You kick like screaming children over registration of your firearms, Yet you line up in droves to register yourselves....

Sickening.....

One simple question:

Why did you question registering the guns, but didn't question registering yourselves?

Why do you NEED permission to Carry the MEANS to defend yourselves from criminals?

Sheep....

Disgusting...

You are slaves... 
No doubt now exists...
You are not worthy of reguard...

Colorado is OPEN carry - perfectly acceptable to proudly DISPLAY your Iron to all concerned - 

I know because I LIVE there... Western Slope - Not the liberal Kalifornicated eastern slope. Where Guns are still revered, and can STILL be seen gracing the back windows of pick-em-up trucks.... (though getting rarer every day!) 

Display your hardware for those who need reminding!!!


----------



## Shipwreck (Jan 26, 2006)

If U want a CCW permit, ya gotta jump thru the hoops. Nothing we can do about it...



Kandaje said:


> You are slaves...
> No doubt now exists...
> You are not worthy of reguard...


That's not very nice....


----------



## Guest (May 7, 2006)

Greetings...



Shipwreck said:


> If U want a CCW permit, ya gotta jump thru the
> hoops. Nothing we can do about it...


Nonsense.... A SLAVE ideology....

13th Amendment provides the protection: INVOLUNTARY Servitude SHALL NOT EXIST... Only IF you volunteer... Submit and it's over folks...
2nd Amendment = the ONLY authoritative Gun Law on the books - everything else is infringment...
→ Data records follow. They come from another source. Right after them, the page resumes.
Lemma tail_term_abs t i : Rabs (tail_term psi beta n t i) <= psi (INR (n + i)).
Proof.
  unfold tail_term. rewrite Rabs_mult. pose proof (psi_tail_pos i).
  rewrite (Rabs_pos_eq (psi _)) by lra.
  pose proof (COS_bound (INR (n + i) * t - beta * PI / 2)).
  assert (Rabs (cos (INR (n + i) * t - beta * PI / 2)) <= 1) by (apply Rabs_le; lra). nra.
Qed.

Lemma convex_second_difference k : 1 <= k -> psi (k + 1) <= (psi k + psi (k + 2)) / 2.
Proof.
  destruct HM as [_ [_ [Hcv _]]]. intros Hk.
  pose proof (Hcv k (k + 2) (1 / 2) Hk ltac:(lra) ltac:(lra)) as H.
  replace (1 / 2 * k + (1 - 1 / 2) * (k + 2)) with (k + 1) in H by field. lra.
Qed.

Hypothesis Hm : (1 <= ramp_length psi n)%nat.

Definition coef_variation (i : nat) : R :=
  Rabs (coef psi n i - 2 * coef psi n (S i) + coef psi n (S (S i))).

Lemma ramp_slope_nonneg : 0 <= psi (INR n) / INR (ramp_length psi n).
Proof.
  apply Rmult_le_pos; [pose proof (psi_pos psi HM _ Hn); lra|].
  left; apply Rinv_0_lt_compat, lt_0_INR; lia.
Qed.

(** On the ramp only the foot [i = 0] has a nonzero second difference. *)
Lemma coef_variation_ramp :
  fsum coef_variation (ramp_length psi n) = psi (INR n) / INR (ramp_length psi n).
Proof.
  pose proof ramp_slope_nonneg.
  set (m := ramp_length psi n) in *. set (s := psi (INR n) / INR m) in *.
  replace m with (S (m - 1)) by lia. rewrite fsum_shift.
  replace (fsum (fun i => coef_variation (S i)) (m - 1)) with 0.
  - unfold coef_variation. rewrite !coef_ramp by (fold m; lia). simpl INR. fold m s.
    replace (s * 0 - 2 * (s * 0) + s * 1) with s by ring.
    rewrite Rabs_pos_eq; lra.
  - rewrite <- (Rmult_0_r (INR (m - 1))), <- fsum_const. apply fsum_ext.
    intros i Hi. unfold coef_variation. rewrite !coef_ramp by (fold m; lia). fold m s.
    replace (S i - 1)%nat with i by lia. replace (S (S i) - 1)%nat with (S i) by lia.
    replace (S (S (S i)) - 1)%nat with (S (S i)) by lia. rewrite !S_INR.
    replace (s * INR i - 2 * (s * (INR i + 1)) + s * (INR i + 1 + 1)) with 0 by ring.
    symmetry. apply Rabs_R0.
Qed.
Freedom is NOT free. There IS a price and that price is BLOOD...


----------



## Guest (May 7, 2006)

Greetings...



Shipwreck said:


> If U want a CCW permit, ya gotta jump thru the hoops. Nothing we can do about it...
> 
> 
> 
> ...


Who gives a rat's ass about NICE....

I'm talking BLOOD...

If you want nice - load up a Disney DVD and delude yourself a little while longer until the bullet hits the meat....

At least you'll expire in silence...

I'm talking reality... And in Reality BLOOD is the currency of Freedom... The BLOOD of patriots and Tyrants....
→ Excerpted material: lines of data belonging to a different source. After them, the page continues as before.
(* Let $\mathbf{x}\in\mathrm{Mat}_{m\times n}(\mathbb{C}^* )$ and $i\in[m-1]$. Then $s_i(\mathbf{x})=R_i(\mathbf{x})$, where $s_i(\mathbf{x})=e_i^{\varepsilon_i(\mathbf{x})/\varphi_i(\mathbf{x})}(\mathbf{x})=e_i^{\pi_{i+1}/\pi_i}(\mathbf{x})$.
   Context: Rows $\mathbf{x}_i=(x_i^1,\dots,x_i^n)$, $\pi_i=\prod_{j=1}^nx_i^j$. For $u,v\in(\mathbb{C}^* )^n$, $\sigma^j(u,v;c)=\sum_{r=1}^nc^{\mathbb{1}_{r\le j}}v^1\cdots v^{r-1}u^{r+1}\cdots u^n$, $\sigma(u,v)=\sigma^j(u,v;1)$. The basic $\mathrm{GL}_m$-geometric crystal structure on $m\times n$ matrices (the product $(X_m)^n$ over columns) has $\varepsilon_i(\mathbf{x})=\pi_{i+1}/\sigma(\mathbf{x}_i,\mathbf{x}_{i+1})$, $\varphi_i(\mathbf{x})=\pi_i/\sigma(\mathbf{x}_i,\mathbf{x}_{i+1})$, and $e_i^c$ fixes rows other than $i,i+1$ and replaces $x_i^j$ by $x_i^j\sigma^j/\sigma^{j-1}$ and $x_{i+1}^j$ by $x_{i+1}^j\sigma^{j-1}/\sigma^j$ with $\sigma^k=\sigma^k(\mathbf{x}_i,\mathbf{x}_{i+1};c)$. The geometric $R$-matrix is $R((x_1,\dots,x_n),(y_1,\dots,y_n))=((y_1',\dots,y_n'),(x_1',\dots,x_n'))$ with $y'_j=y_j\kappa_{j+1}/\kappa_j$, $x'_j=x_j\kappa_j/\kappa_{j+1}$, $\kappa_r=\sum_{k=0}^{n-1}y_r\cdots y_{r+k-1}x_{r+k+1}\cdots x_{r+n-1}$ (subscripts mod $n$); $R_i$ replaces rows $(\mathbf{x}_i,\mathbf{x}_{i+1})$ by $(\mathbf{x}'_{i+1},\mathbf{x}'_i)$, where $(\mathbf{x}'_{i+1},\mathbf{x}'_i)=R(\mathbf{x}_i,\mathbf{x}_{i+1})$. *)

(* The complex numbers are R[i] (mathcomp-real-closed's
   complex) for an arbitrary  R : realType  (MathComp-Analysis reals). *)
From HB Require Import structures.
From mathcomp Require Import all_boot all_order all_algebra.
From mathcomp Require Import complex reals.
Set Implicit Arguments. Unset Strict Implicit. Unset Printing Implicit Defensive.
Import Order.TTheory GRing.Theory Num.Theory.
Local Open Scope ring_scope.

(* Indices are 0-based: row i of the paper is row i-1 here, column j of the
   paper is column j-1 here.  Rows of an m x n matrix are vectors 'I_n -> F. *)

Section GeomCrystal.
Variable F : fieldType.
Variable n : nat.

(* sigma^j(u,v;c) = sum_{r=1}^n c^{1_{r<=j}} v^1..v^{r-1} u^{r+1}..u^n,
   written 0-based: r ranges over 'I_n, the indicator is [r < j],
   v over indices k < r, u over indices r < k < n. *)
Definition sigmaj (u v : 'I_n -> F) (c : F) (j : nat) : F :=
  \sum_(r < n) (if (r < j)%N then c else 1) *
    ((\prod_(k < n | (k < r)%N) v k) * (\prod_(k < n | (r < k)%N) u k)).

Definition sigma (u v : 'I_n -> F) : F := sigmaj u v 1 0.

Definition modn_ord (a : nat) : 'I_n.+1 := inord (a %% n.+1).
End GeomCrystal.

Section Matrices.
Variable F : fieldType.

Definition natv n (u : 'I_n -> F) (k : nat) : F :=
  if insub k is Some o then u o else 0.

Definition rowv m n (x : 'M[F]_(m, n)) (i : nat) : 'I_n -> F :=
  fun j => if insub i is Some a then x a j else 0.

Definition piRow m n (x : 'M[F]_(m, n)) (i : nat) : F := \prod_(j < n) rowv x i j.

Definition eps_i m n (x : 'M[F]_(m, n)) (i : nat) : F :=
  piRow x i.+1 / sigma (rowv x i) (rowv x i.+1).
Definition phi_i m n (x : 'M[F]_(m, n)) (i : nat) : F :=
  piRow x i / sigma (rowv x i) (rowv x i.+1).

(* e_i^c: rows other than i, i+1 fixed;
   x_i^j -> x_i^j sigma^j / sigma^{j-1},  x_{i+1}^j -> x_{i+1}^j sigma^{j-1}/sigma^j,
   with paper column j = 0-based column j-1, sigma^k = sigma^k(x_i,x_{i+1};c). *)
Definition e_i m n (i : nat) (c : F) (x : 'M[F]_(m, n)) : 'M[F]_(m, n) :=
  \matrix_(a < m, b < n)
    let s k := sigmaj (rowv x i) (rowv x i.+1) c k in
    if (a == i :> nat) then x a b * s b.+1 / s b
    else if (a == i.+1 :> nat) then x a b * s b / s b.+1
    else x a b.

Definition s_i m n (i : nat) (x : 'M[F]_(m, n)) : 'M[F]_(m, n) :=
  e_i i (eps_i x i / phi_i x i) x.

Definition kappa n (x y : 'I_n -> F) (r : nat) : F :=
  \sum_(k < n)
    (\prod_(t < n | (t < k)%N) natv y ((r + t) %% n)) *
    (\prod_(t < n | (k < t)%N) natv x ((r + t) %% n)).

Definition Rmat_fst n (x y : 'I_n -> F) : 'I_n -> F :=
  fun j => y j * kappa x y j.+1 / kappa x y j.
Definition Rmat_snd n (x y : 'I_n -> F) : 'I_n -> F :=
  fun j => x j * kappa x y j / kappa x y j.+1.

Definition R_i m n (i : nat) (x : 'M[F]_(m, n)) : 'M[F]_(m, n) :=
  \matrix_(a < m, b < n)
    if (a == i :> nat) then Rmat_fst (rowv x i) (rowv x i.+1) b
    else if (a == i.+1 :> nat) then Rmat_snd (rowv x i) (rowv x i.+1) b
    else x a b.
End Matrices.

(* Write u, v for rows i, i+1 and c = pi_{i+1}/pi_i, so that c pi_u = pi_v.  The
   key identity is  kappa_j (v_1 ... v_j) = sigma^j(u, v; c) (u_1 ... u_j)  for
   0 <= j <= n.  It holds at j = 0 since kappa_0 = sigma^0, and it propagates
   because both sides obey the same recurrence: rotating the cyclic products
   gives  v_j kappa_{j+1} = u_j kappa_j + pi_v - pi_u,  while the coefficient c
   reaches one more summand of sigma^{j+1}.  Hence kappa_{j+1}/kappa_j equals
   (u_j/v_j) sigma^{j+1}/sigma^j, which turns the geometric R-matrix into e_i^c. *)
From HB Require Import structures.
From mathcomp Require Import all_boot all_order all_algebra.
From mathcomp Require Import complex reals.
From mathcomp Require Import ring.
Import Order.TTheory GRing.Theory Num.Theory.
Local Open Scope ring_scope.

Lemma big_ord_gtn (R : Type) (idx : R) (op : Monoid.law idx) n k (f : nat -> R) :
  \big[op/idx]_(t < n | (k < t)%N) f t = \big[op/idx]_(k.+1 <= t < n) f t.
Proof. by rewrite (big_nat_widenl _ 0) // big_mkord. Qed.

Section CyclicProducts.
Context {F : fieldType}.

Lemma natv_ord n (w : 'I_n -> F) (t : 'I_n) : natv w t = w t.
Proof. by rewrite /natv valK. Qed.

Context {N : nat}.
Local Notation n := N.+1.
Implicit Types u v w : 'I_n -> F.

Definition cycv w (s : nat) : F := natv w (s %% n).

Lemma cycv_small w j : (j < n)%N -> cycv w j = natv w j.
Proof. by move=> jn; rewrite /cycv modn_small. Qed.

Lemma prod_cycv_shift w j :
  \prod_(0 <= t < n) cycv w (j + t) = \prod_(k < n) w k.
Proof.
elim: j => [|j IH].
  by rewrite big_mkord; apply: eq_bigr => t _; rewrite add0n cycv_small ?natv_ord.
rewrite -IH big_nat_recr // big_nat_recl // mulrC /cycv addn0 addSnnS modnDr.
by congr (_ * _); apply: eq_bigr => t _; rewrite addSnnS.
Qed.

Definition kappa_term u v (r k : nat) : F :=
  (\prod_(0 <= t < k) cycv v (r + t)) * (\prod_(k.+1 <= t < n) cycv u (r + t)).

Lemma kappa_sum u v r : kappa u v r = \sum_(k < n) kappa_term u v r k.
Proof.
apply: eq_bigr => k _; rewrite (@big_ord_gtn _ _ _ _ _ (fun t => cycv u (r + t))).
rewrite -(big_ord_widen _ (fun t => cycv v (r + t)) (ltnW (ltn_ord k))).
by rewrite /kappa_term big_mkord.
Qed.

Lemma kappa_term_first u v j : cycv u j * kappa_term u v j 0 = \prod_(k < n) u k.
Proof.
rewrite /kappa_term big_geq // mul1r -(prod_cycv_shift u j).
by rewrite [RHS]big_nat_recl // addn0 big_add1.
Qed.

Lemma kappa_term_last u v j : cycv v j * kappa_term u v j.+1 N = \prod_(k < n) v k.
Proof.
rewrite /kappa_term [X in _ * (_ * X)]big_geq // mulr1 -(prod_cycv_shift v j).
rewrite big_nat_recl // addn0; congr (_ * _).
by apply: eq_bigr => t _; rewrite addSnnS.
Qed.

Lemma kappa_term_shift u v j k : (k < N)%N ->
  cycv v j * kappa_term u v j.+1 k = cycv u j * kappa_term u v j k.+1.
Proof.
move=> kN; rewrite /kappa_term [X in _ = _ * (X * _)]big_nat_recl //.
rewrite [X in _ = _ * (_ * X)]big_add1 [X in _ * (_ * X) = _]big_nat_recr //=.
have -> : cycv u (j.+1 + N) = cycv u j by rewrite /cycv addSnnS modnDr.
have shift_arg w a b :
    \prod_(a <= t < b) cycv w (j.+1 + t) = \prod_(a <= t < b) cycv w (j + t.+1).
  by apply: eq_bigr => t _; rewrite addSnnS.
by rewrite !shift_arg addn0; ring.
Qed.

Lemma kappaS u v j :
  cycv v j * kappa u v j.+1 =
  cycv u j * kappa u v j + \prod_(k < n) v k - \prod_(k < n) u k.
Proof.
rewrite !kappa_sum big_ord_recr [X in cycv u j * X]big_ord_recl /= !mulrDr.
rewrite kappa_term_last kappa_term_first !mulr_sumr.
rewrite (eq_bigr (fun k : 'I_N => cycv u j * kappa_term u v j (bump 0 k))).
  by ring.
by move=> k _; rewrite kappa_term_shift.
Qed.

Definition prefix_prod w j : F := \prod_(k < n | (k < j)%N) w k.
Definition suffix_prod w j : F := \prod_(k < n | (j < k)%N) w k.

Lemma prefix_prodE w j : (j <= n)%N -> prefix_prod w j = \prod_(0 <= k < j) natv w k.
Proof.
move=> jn; rewrite /prefix_prod big_mkord (big_ord_widen _ _ jn).
by apply: eq_bigr => k _; rewrite natv_ord.
Qed.

Lemma prefix_prod0 w : prefix_prod w 0 = 1.
Proof. by rewrite /prefix_prod big_pred0. Qed.

Lemma prefix_prodS w j : (j < n)%N -> prefix_prod w j.+1 = prefix_prod w j * natv w j.
Proof.
by move=> jn; rewrite (prefix_prodE _ _ jn) (prefix_prodE _ _ (ltnW jn)) big_nat_recr.
Qed.

Lemma suffix_prodE w j : suffix_prod w j = \prod_(j.+1 <= k < n) natv w k.
Proof.
rewrite -(@big_ord_gtn _ _ _ _ _ (natv w)).
by apply: eq_bigr => k _; rewrite natv_ord.
Qed.

Lemma prefix_suffix_prod w j : (j < n)%N ->
  prefix_prod w j * natv w j * suffix_prod w j = \prod_(k < n) w k.
Proof.
move=> jn; rewrite -prefix_prodS // prefix_prodE // suffix_prodE.
rewrite -(@big_cat_nat _ _ _ j.+1) //= big_mkord.
by apply: eq_bigr => k _; rewrite natv_ord.
Qed.

Lemma prefix_prod_neq0 w j : (forall k, w k != 0) -> prefix_prod w j != 0.
Proof. by move=> hw; apply/prodf_neq0. Qed.

Lemma kappa0 u v c : kappa u v 0 = sigmaj u v c 0.
Proof.
apply: eq_bigr => k _; rewrite ltn0 mul1r.
by congr (_ * _); apply: eq_bigr => t _; rewrite add0n modn_small // natv_ord.
Qed.

Definition sigma_term u v (r : nat) : F := prefix_prod v r * suffix_prod u r.

Lemma sigmaj_split u v c j : sigmaj u v c j =
  \sum_(r < n) sigma_term u v r + (c - 1) * \sum_(r < n | (r < j)%N) sigma_term u v r.
Proof.
rewrite /sigmaj [X in _ = _ + _ * X]big_mkcond mulr_sumr -big_split.
apply: eq_bigr => r _ /=.
by case: ifP => _; rewrite /sigma_term /prefix_prod /suffix_prod; ring.
Qed.

Lemma sigmajS u v c j : (j < n)%N ->
  sigmaj u v c j.+1 = sigmaj u v c j + (c - 1) * sigma_term u v j.
Proof.
move=> jn; rewrite !sigmaj_split -(big_ord_widen _ (sigma_term u v) jn).
rewrite -(big_ord_widen _ (sigma_term u v) (ltnW jn)).
by rewrite [\sum_(i < j.+1) _]big_ord_recr /= mulrDr addrA.
Qed.

Context {u v : 'I_n -> F} {c : F}.
Hypothesis cuv : c * \prod_(k < n) u k = \prod_(k < n) v k.

Lemma kappa_prefix_prod j : (j <= n)%N ->
  kappa u v j * prefix_prod v j = sigmaj u v c j * prefix_prod u j.
Proof.
elim: j => [_ | j IH jn]; first by rewrite !prefix_prod0 (kappa0 u v c).
have rec := kappaS u v j; rewrite !cycv_small // in rec.
rewrite !prefix_prodS // sigmajS //.
transitivity (prefix_prod v j * (natv v j * kappa u v j.+1)); first by ring.
rewrite rec -cuv -(prefix_suffix_prod u _ jn).
transitivity (natv u j * (kappa u v j * prefix_prod v j) + (c - 1) * prefix_prod v j *
              (prefix_prod u j * natv u j * suffix_prod u j)); first by ring.
by rewrite IH ?(ltnW jn) /sigma_term; ring.
Qed.

Hypotheses (hu : forall k, u k != 0) (hv : forall k, v k != 0).
Hypothesis hs : forall j, (j <= n)%N -> sigmaj u v c j != 0.

Lemma kappa_sigmaj j : (j <= n)%N ->
  kappa u v j = sigmaj u v c j * prefix_prod u j / prefix_prod v j.
Proof.
move=> jn; rewrite -(kappa_prefix_prod _ jn) mulfK //.
exact: prefix_prod_neq0.
Qed.

Lemma kappa_ratio (b : 'I_n) :
  kappa u v b.+1 / kappa u v b = u b / v b * (sigmaj u v c b.+1 / sigmaj u v c b).
Proof.
rewrite (kappa_sigmaj _ (ltn_ord b)) (kappa_sigmaj _ (ltnW (ltn_ord b))).
rewrite !prefix_prodS // !natv_ord.
by field; rewrite hs ?hv ?prefix_prod_neq0 // ltnW.
Qed.

Lemma Rmat_fst_sigmaj (b : 'I_n) :
  Rmat_fst u v b = u b * sigmaj u v c b.+1 / sigmaj u v c b.
Proof.
rewrite /Rmat_fst -mulrA kappa_ratio.
by field; rewrite hv hs // ltnW.
Qed.

Lemma Rmat_snd_sigmaj (b : 'I_n) :
  Rmat_snd u v b = v b * sigmaj u v c b / sigmaj u v c b.+1.
Proof.
rewrite /Rmat_snd -mulrA -invf_div kappa_ratio.
by field; rewrite hu hv !hs // ltnW.
Qed.

End CyclicProducts.

Section Matrices.
Context {F : fieldType} {m n : nat}.
Implicit Type x : 'M[F]_(m, n).

Lemma rowv_ord x (a : 'I_m) j : rowv x a j = x a j.
Proof. by rewrite /rowv valK. Qed.

Lemma rowv_neq0 x k : (k < m)%N -> (forall a b, x a b != 0) -> forall j, rowv x k j != 0.
Proof. by move=> km hx j; rewrite -[k]/(nat_of_ord (Ordinal km)) rowv_ord. Qed.

Lemma piRow_neq0 x k : (k < m)%N -> (forall a b, x a b != 0) -> piRow x k != 0.
Proof. by move=> km hx; apply/prodf_neq0 => j _; exact: rowv_neq0. Qed.

Lemma eps_div_phi x i : sigma (rowv x i) (rowv x i.+1) != 0 -> piRow x i != 0 ->
  eps_i x i / phi_i x i = piRow x i.+1 / piRow x i.
Proof. by move=> hsig hpi; rewrite /eps_i /phi_i; field; rewrite hsig hpi. Qed.

End Matrices.

Lemma e_i_eq_R_i (F : fieldType) m n (x : 'M[F]_(m, n)) i c :
  (i.+1 < m)%N -> (forall a b, x a b != 0) -> c * piRow x i = piRow x i.+1 ->
  (forall j, (j <= n)%N -> sigmaj (rowv x i) (rowv x i.+1) c j != 0) ->
  e_i i c x = R_i i x.
Proof.
move=> hi hx cuv hs; apply/matrixP => a b; rewrite !mxE /=.
case: n x b hx cuv hs => [|N] x b hx cuv hs; first by case: b.
have hu := rowv_neq0 x i (ltnW hi) hx; have hv := rowv_neq0 x i.+1 hi hx.
case: eqP => [ai | _]; first by rewrite (Rmat_fst_sigmaj cuv hu hv hs) -ai rowv_ord.
by case: eqP => [ai1 | //]; rewrite (Rmat_snd_sigmaj cuv hu hv hs) -ai1 rowv_ord.
Qed.

Theorem proposition6p1 (R : realType) (m n : nat) (x : 'M[R[i]]_(m, n))
  (i : nat) (hi : (i.+1 < m)%N)
  (hx : forall a b, x a b != 0)
  (* both sides are defined at x: *)
  (hsig : sigma (rowv x i) (rowv x i.+1) != 0)
  (hsigj : forall j : nat, (j <= n)%N ->
     sigmaj (rowv x i) (rowv x i.+1) (eps_i x i / phi_i x i) j != 0)
  (hkap : forall r : nat, (r <= n)%N -> kappa (rowv x i) (rowv x i.+1) r != 0) :
  s_i i x = R_i i x /\ eps_i x i / phi_i x i = piRow x i.+1 / piRow x i.
Proof.
have pi_neq0 := piRow_neq0 x i (ltnW hi) hx.
have c_eq := eps_div_phi x i hsig pi_neq0.
split => //; apply: e_i_eq_R_i hsigj => //.
by rewrite c_eq divfK.
Qed.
IN OTHER WORDS - Those who will FIGHT for it or against it -

As OUR lord said - I SPEW you out of my mouth for you are lukewarm - Would you be - either Hot or Cold - But because you are LUKEWARM I SPEW YOU out of my mouth!!!!

It's time to choose a side folks....

Either for GOD or for Satan... If you are on the fence, you get caught in the CROSSFIRE....

LOL!!!

( YES!! It IS that late!!!) ROFLMAF!!!!

OOPS!!! Oh Gee! Where the heck can I run now? BWAHAHAHAAHAH!!!!


----------



## 96 Brigadier (Feb 17, 2006)

Kandaje said:


> Greetings...
> 
> 
> 
> ...


It is very easy to talk like this when you live in a state where it is perfectly legal to carry without a license. A few nights in jail, felony charges, or a $50,000 lawyer bill to argue your crappy reasoning can change your mind real quick about whether or not you should carry without a license in a state that requires one. I hate having to pay and take a class to get a CHL, but at least I know I can carry legally and when felons are caught with guns, they will go to jail.


----------



## Guest (May 7, 2006)

96 Brigadier said:


> It is very easy to talk like this when you live in a state where it is perfectly legal to carry without a license. A few nights in jail, felony charges, or a $50,000 lawyer bill to argue your crappy reasoning can change your mind real quick about whether or not you should carry without a license in a state that requires one. I hate having to pay and take a class to get a CHL, but at least I know I can carry legally and when felons are caught with guns, they will go to jail.


+1


----------